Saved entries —
== Segment start ==

(* Let $k\subset L$ be an FCP radicial (purely inseparable) field extension, with $p:=\mathrm{c}(k)$ and $[L:k]=p^n$. Then: (1) $\mathcal S[k,L]=\{x\in L\mid x^p\in k\}$. (2) If $k\subset L$ has FIP, then the Loewy series of $k\subset L$ is $[k,L]$ (i.e. its terms are exactly the elements of $[k,L]$), and $\pounds[k,L]=n$.
   Context: $\mathrm{c}(k)$ is the characteristic of $k$. $[k,L]$ is the lattice of intermediate fields; FCP means every chain in $[k,L]$ is finite, FIP means $[k,L]$ is finite. $K\subset K'$ is minimal if $[K,K']=\{K,K'\}$; an atom of $[k,L]$ is $K$ with $k\subset K$ minimal; the socle $\mathcal S[k,L]$ is the compositum of all atoms. Loewy series: $S_0=k$, $S_{i+1}=\mathcal S[S_i,L]$ while $S_i\neq L$; $\pounds[k,L]$ is the least $n$ with $S_n=L$. *)

From HB Require Import structures.
From mathcomp Require Import all_boot all_order all_algebra all_field.
Set Implicit Arguments. Unset Strict Implicit. Unset Printing Implicit Defensive.
Import GRing.Theory.
Local Open Scope ring_scope.

Section IntermediateFields.
Variables (F : fieldType) (L : fieldExtType F).

Definition intermediate (K E : {subfield L}) : Prop := (K <= E)%VS.

Definition minimal_ext (K K' : {subfield L}) : Prop :=
  (K <= K')%VS /\ K != K' /\
  forall M : {subfield L}, (K <= M)%VS -> (M <= K')%VS -> M = K \/ M = K'.

Definition atom (K A : {subfield L}) : Prop := minimal_ext K A.

(* S is the socle S[K,L]: the compositum of all atoms of [K,L], i.e. the
   least intermediate field of [K,L] containing every atom
   (it equals K when there is no atom). *)
Definition is_socle (K S : {subfield L}) : Prop :=
  (K <= S)%VS /\ (forall A, atom K A -> (A <= S)%VS) /\
  (forall M : {subfield L}, (K <= M)%VS -> (forall A, atom K A -> (A <= M)%VS) ->
     (S <= M)%VS).

Definition FCP (K : {subfield L}) : Prop :=
  forall C : {subfield L} -> Prop,
    (forall E, C E -> (K <= E)%VS) ->
    (forall E E', C E -> C E' -> (E <= E')%VS \/ (E' <= E)%VS) ->
    exists s : seq {subfield L}, forall E, C E -> E \in s.

Definition FIP (K : {subfield L}) : Prop :=
  exists s : seq {subfield L}, forall E : {subfield L}, (K <= E)%VS -> E \in s.

Definition loewy_series (K : {subfield L}) (S : nat -> {subfield L}) : Prop :=
  S 0%N = K /\
  (forall i, (S i :> {vspace L}) != fullv -> is_socle (S i) (S i.+1)) /\
  (forall i, (S i :> {vspace L}) = fullv -> S i.+1 = S i).

Definition loewy_length (S : nat -> {subfield L}) (n : nat) : Prop :=
  (S n :> {vspace L}) = fullv /\ forall i, (i < n)%N -> (S i :> {vspace L}) != fullv.

End IntermediateFields.

(* Write R(E) = frob_root E := {x | x ^+ p \in E}; in characteristic p it is an
   intermediate field of L/E.  When L/E is purely inseparable, every atom of
   [E, L] contains some y with y \notin E and y ^+ p \in E, hence equals E(y), an
   extension of prime degree p; conversely every such E(y) is an atom, so the
   socle is R(E).
   If [E, L] is finite, R(E) is already E(y) for any single such y: for b in
   R(E) outside E(y), the fields E(y + c b), c \in E, have degree at most p over
   E, so two of them coincide and contain E(y, b), of degree p^2.  This needs E
   infinite, which holds because a finite field is perfect while y \notin E.
   Hence [R(E) : E] = p and R(E) lies in every M \in [E, L] other than E, so the
   iterates R^i(K) exhaust [K, L] as a chain of degrees p^i reaching L at i = n. *)

From HB Require Import structures.
From mathcomp Require Import all_boot all_order all_algebra all_field.
From Stdlib Require Import Classical ClassicalEpsilon.
From mathcomp Require Import zify.
Set Implicit Arguments. Unset Strict Implicit. Unset Printing Implicit Defensive.
Import GRing.Theory.
Local Open Scope ring_scope.

Lemma preimage_seq (T U : eqType) (A : pred T) (f : T -> U) :
  {in A &, injective f} ->
  forall s : seq U, exists sA : seq T, forall x, x \in A -> f x \in s -> x \in sA.
Proof.
move=> f_inj; elim=> [|u s [sA sAP]]; first by exists [::].
have [[x0 x0A fx0] | no_pre] := classic (exists2 x0, x0 \in A & f x0 = u).
  exists (x0 :: sA) => x xA; rewrite !inE => /orP[/eqP fx | /(sAP x xA)->].
    by rewrite (f_inj x x0) ?eqxx ?fx0.
  exact: orbT.
exists sA => x xA; rewrite inE => /orP[/eqP fx | /(sAP x xA)//].
by case: no_pre; exists x.
Qed.

Lemma vspace_of_pred (K : fieldType) (vT : vectType K) (P : pred vT) :
  P 0 -> (forall a u v, P u -> P v -> P (a *: u + v)) ->
  exists V : {vspace vT}, forall v, (v \in V) = P v.
Proof.
move=> P0 P_lin.
suff PV : forall V : {vspace vT}, {subset V <= P} ->
    exists W : {vspace vT}, forall v, (v \in W) = P v.
  by apply: (PV 0%VS) => v; rewrite memv0 => /eqP->.
move=> V; have [m] := ubnP (\dim {:vT} - \dim V).
elim: m V => // m IHm V codimV sVP.
have [[x Px xV] | sPV] := classic (exists2 x, P x & x \notin V); last first.
  exists V => v; apply/idP/idP => [/sVP // | Pv].
  by apply/negPn/negP => vV; apply: sPV; exists v.
apply: (IHm (V + <[x]>)%VS).
  have ltVVx : (\dim V < \dim (V + <[x]>))%N.
    by rewrite (ltn_leqif (dimv_leqif_sup (addvSl _ _))) subv_add subvv -memvE.
  by have := dimvS (subvf (V + <[x]>)); lia.
move=> w /memv_addP[u uV [v /vlineP[a ->] ->]].
by rewrite addrC; apply: P_lin; last exact: sVP.
Qed.

Section SubfieldLattice.
Variables (F : fieldType) (L : fieldExtType F).
Implicit Types K E M : {subfield L}.

Lemma FIPS K E : (K <= E)%VS -> FIP K -> FIP E.
Proof. by move=> KE [s sP]; exists s => M EM; apply/sP/(subv_trans KE). Qed.

Lemma purely_inseparableSl K E M :
  (K <= E)%VS -> purely_inseparable K M -> purely_inseparable E M.
Proof.
move=> KE /purely_inseparableP insepKM; apply/purely_inseparableP => x xM.
exact/(sub_inseparable KE)/insepKM.
Qed.

Lemma purely_inseparableSr K E M :
  (E <= M)%VS -> purely_inseparable K M -> purely_inseparable K E.
Proof.
move=> /subvP EM /purely_inseparableP insepKM.
by apply/purely_inseparableP => x /EM/insepKM.
Qed.

Lemma minimal_ext_prime K M : (K <= M)%VS -> prime (\dim_K M) -> minimal_ext K M.
Proof.
move=> KM prM; split; [exact: KM | split].
  by apply: contraTneq (prime_gt1 prM) => <-; rewrite divnn adim_gt0.
move=> N KN NM.
have dimM : \dim M = (\dim_N M * \dim_K N * \dim K)%N.
  by rewrite -mulnA -(dim_sup_field KN) -(dim_sup_field NM).
have dimKM : \dim_K M = (\dim_N M * \dim_K N)%N by rewrite {1}dimM mulnK ?adim_gt0.
have [_ /(_ (\dim_K N))] := primeP prM.
rewrite {1}dimKM => /(_ (dvdn_mull _ (dvdnn _)))/orP[/eqP dimKN | /eqP dimKN].
  left; apply/val_inj/eqP; rewrite eq_sym eqEdim KN.
  by rewrite (dim_sup_field KN) dimKN mul1n; apply: leqnn.
right; apply/val_inj/eqP; rewrite eqEdim NM.
by rewrite (dim_sup_field KN) dimKN -(dim_sup_field KM); apply: leqnn.
Qed.

End SubfieldLattice.

Section FrobeniusRoot.
Variables (F : fieldType) (L : fieldExtType F) (p : nat).
Hypothesis pcharLp : p \in [pchar L].
Implicit Types E M : {subfield L}.

Let p_prime : prime p := pcharf_prime pcharLp.

Lemma exprD_pchar (x y : L) : (x + y) ^+ p = x ^+ p + y ^+ p.
Proof. exact: (rmorphD (pFrobenius_aut pcharLp)). Qed.

Lemma frob_root_exists E :
  exists T : {subfield L}, forall x, (x \in T) = (x ^+ p \in E).
Proof.
have [V memV] : exists V : {vspace L}, forall x, (x \in V) = (x ^+ p \in E).
  apply: (@vspace_of_pred F L (fun x : L => x ^+ p \in E)) => [|a u v Eu Ev].
    by rewrite expr0n gtn_eqF ?prime_gt0 ?mem0v.
  by rewrite exprD_pchar exprZn rpredD ?memvZ.
have algV : is_aspace V.
  apply/andP; split; first by apply: has_algid1; rewrite memV expr1n mem1v.
  by apply/prodvP => u v; rewrite !memV exprMn; apply: memvM.
by exists (ASpace algV) => x; rewrite -memV.
Qed.

Definition frob_root E : {subfield L} :=
  proj1_sig (constructive_indefinite_description _ (frob_root_exists E)).

Lemma mem_frob_root E x : (x \in frob_root E) = (x ^+ p \in E).
Proof. exact: (proj2_sig (constructive_indefinite_description _ (frob_root_exists E))). Qed.

Lemma sub_frob_root E : (E <= frob_root E)%VS.
Proof. by apply/subvP => x Ex; rewrite mem_frob_root rpredX. Qed.

Lemma frob_root_fullv E : (E : {vspace L}) = fullv -> frob_root E = E.
Proof.
by move=> Ef; apply/val_inj/subv_anti; rewrite sub_frob_root andbT /= Ef subvf.
Qed.

Lemma adjoin_degree_le_pchar E y : y ^+ p \in E -> (adjoin_degree E y <= p)%N.
Proof.
move=> Eyp; have nz_Xp : 'X^p - (y ^+ p)%:P != 0 :> {poly L}.
  by rewrite -size_poly_eq0 size_XnsubC ?prime_gt0.
have /(dvdp_leq nz_Xp) : minPoly E y %| 'X^p - (y ^+ p)%:P.
  by rewrite minPoly_dvdp ?polyOverXnsubC // rootE !hornerE subrr.
by rewrite size_minPoly size_XnsubC ?prime_gt0.
Qed.

Lemma adjoin_degree_pchar E y :
  y ^+ p \in E -> y \notin E -> adjoin_degree E y = p.
Proof.
move=> Eyp Ey; apply/anti_leq; rewrite adjoin_degree_le_pchar //=.
have : ~~ separable_element E y.
  by rewrite (pcharf_p_separable _ _ 0 pcharLp) expn1 (Fadjoin_idP Eyp).
case/separablePn_pchar => q + [g _].
rewrite (pcharf_eq pcharLp) => /eqnP-> minPoly_g.
have := size_comp_poly g 'X^p; rewrite -minPoly_g size_minPoly size_polyXn /=.
move=> [deg_g]; apply: dvdn_leq; first by [].
by rewrite deg_g dvdn_mull.
Qed.

Lemma dim_adjoin_pchar E y :
  y ^+ p \in E -> y \notin E -> \dim <<E; y>> = (p * \dim E)%N.
Proof. by move=> Eyp Ey; rewrite dim_Fadjoin adjoin_degree_pchar. Qed.

Lemma atom_adjoin_pchar E y : y ^+ p \in E -> y \notin E -> atom E <<E; y>>%AS.
Proof.
move=> Eyp Ey; apply: minimal_ext_prime; first exact: subv_adjoin.
by rewrite -adjoin_degreeE adjoin_degree_pchar.
Qed.

Lemma exists_pchar_root E M :
  purely_inseparable E M -> ~~ (M <= E)%VS ->
  exists2 y, y \in M & (y \notin E) && (y ^+ p \in E).
Proof.
move=> /purely_inseparableP insepEM /subvPn[x Mx Ex].
have /purely_inseparable_elementP_pchar[q pcharq Exq] := insepEM x Mx.
have /p_natP[k qpk] : p.-nat q by rewrite -(eq_pnat _ (pcharf_eq pcharLp)).
rewrite {q pcharq}qpk in Exq; elim: k Exq => [|k IHk] Expk.
  by rewrite expr1 (negPf Ex) in Expk.
have [/IHk // | Ey] := boolP (x ^+ (p ^ k) \in E).
by exists (x ^+ (p ^ k)); rewrite ?Ey -?exprM -?expnSr // rpredX.
Qed.

Lemma is_socle_frob_root E : purely_inseparable E fullv -> is_socle E (frob_root E).
Proof.
move=> insepE; split; first exact: sub_frob_root.
split=> [A [EA [EneA minA]] | M EM atomsM].
  have AnE : ~~ (A <= E)%VS.
    by apply: contra EneA => AE; apply/eqP/val_inj/subv_anti; rewrite EA AE.
  have [y Ay /andP[Ey Eyp]] :=
    exists_pchar_root (purely_inseparableSr (subvf A) insepE) AnE.
  have [EyE | <-] := minA _ (subv_adjoin E y) (introT FadjoinP (conj EA Ay)).
    by move: Ey; rewrite -EyE memv_adjoin.
  by apply/FadjoinP; rewrite sub_frob_root mem_frob_root.
apply/subvP => x; rewrite mem_frob_root => Exp.
have [/(subvP EM) // | Ex] := boolP (x \in E).
exact/(subvP (atomsM _ (atom_adjoin_pchar Exp Ex)))/memv_adjoin.
Qed.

== Segment end ==

Your task — Retype, exactly and in full, the lines above from the one containing "apply/andP; split; first" through the one containing "proj1_sig (constructive_indefinite_description _".

Exercise result —
  apply/andP; split; first by apply: has_algid1; rewrite memV expr1n mem1v.
  by apply/prodvP => u v; rewrite !memV exprMn; apply: memvM.
by exists (ASpace algV) => x; rewrite -memV.
Qed.

Definition frob_root E : {subfield L} :=
  proj1_sig (constructive_indefinite_description _ (frob_root_exists E)).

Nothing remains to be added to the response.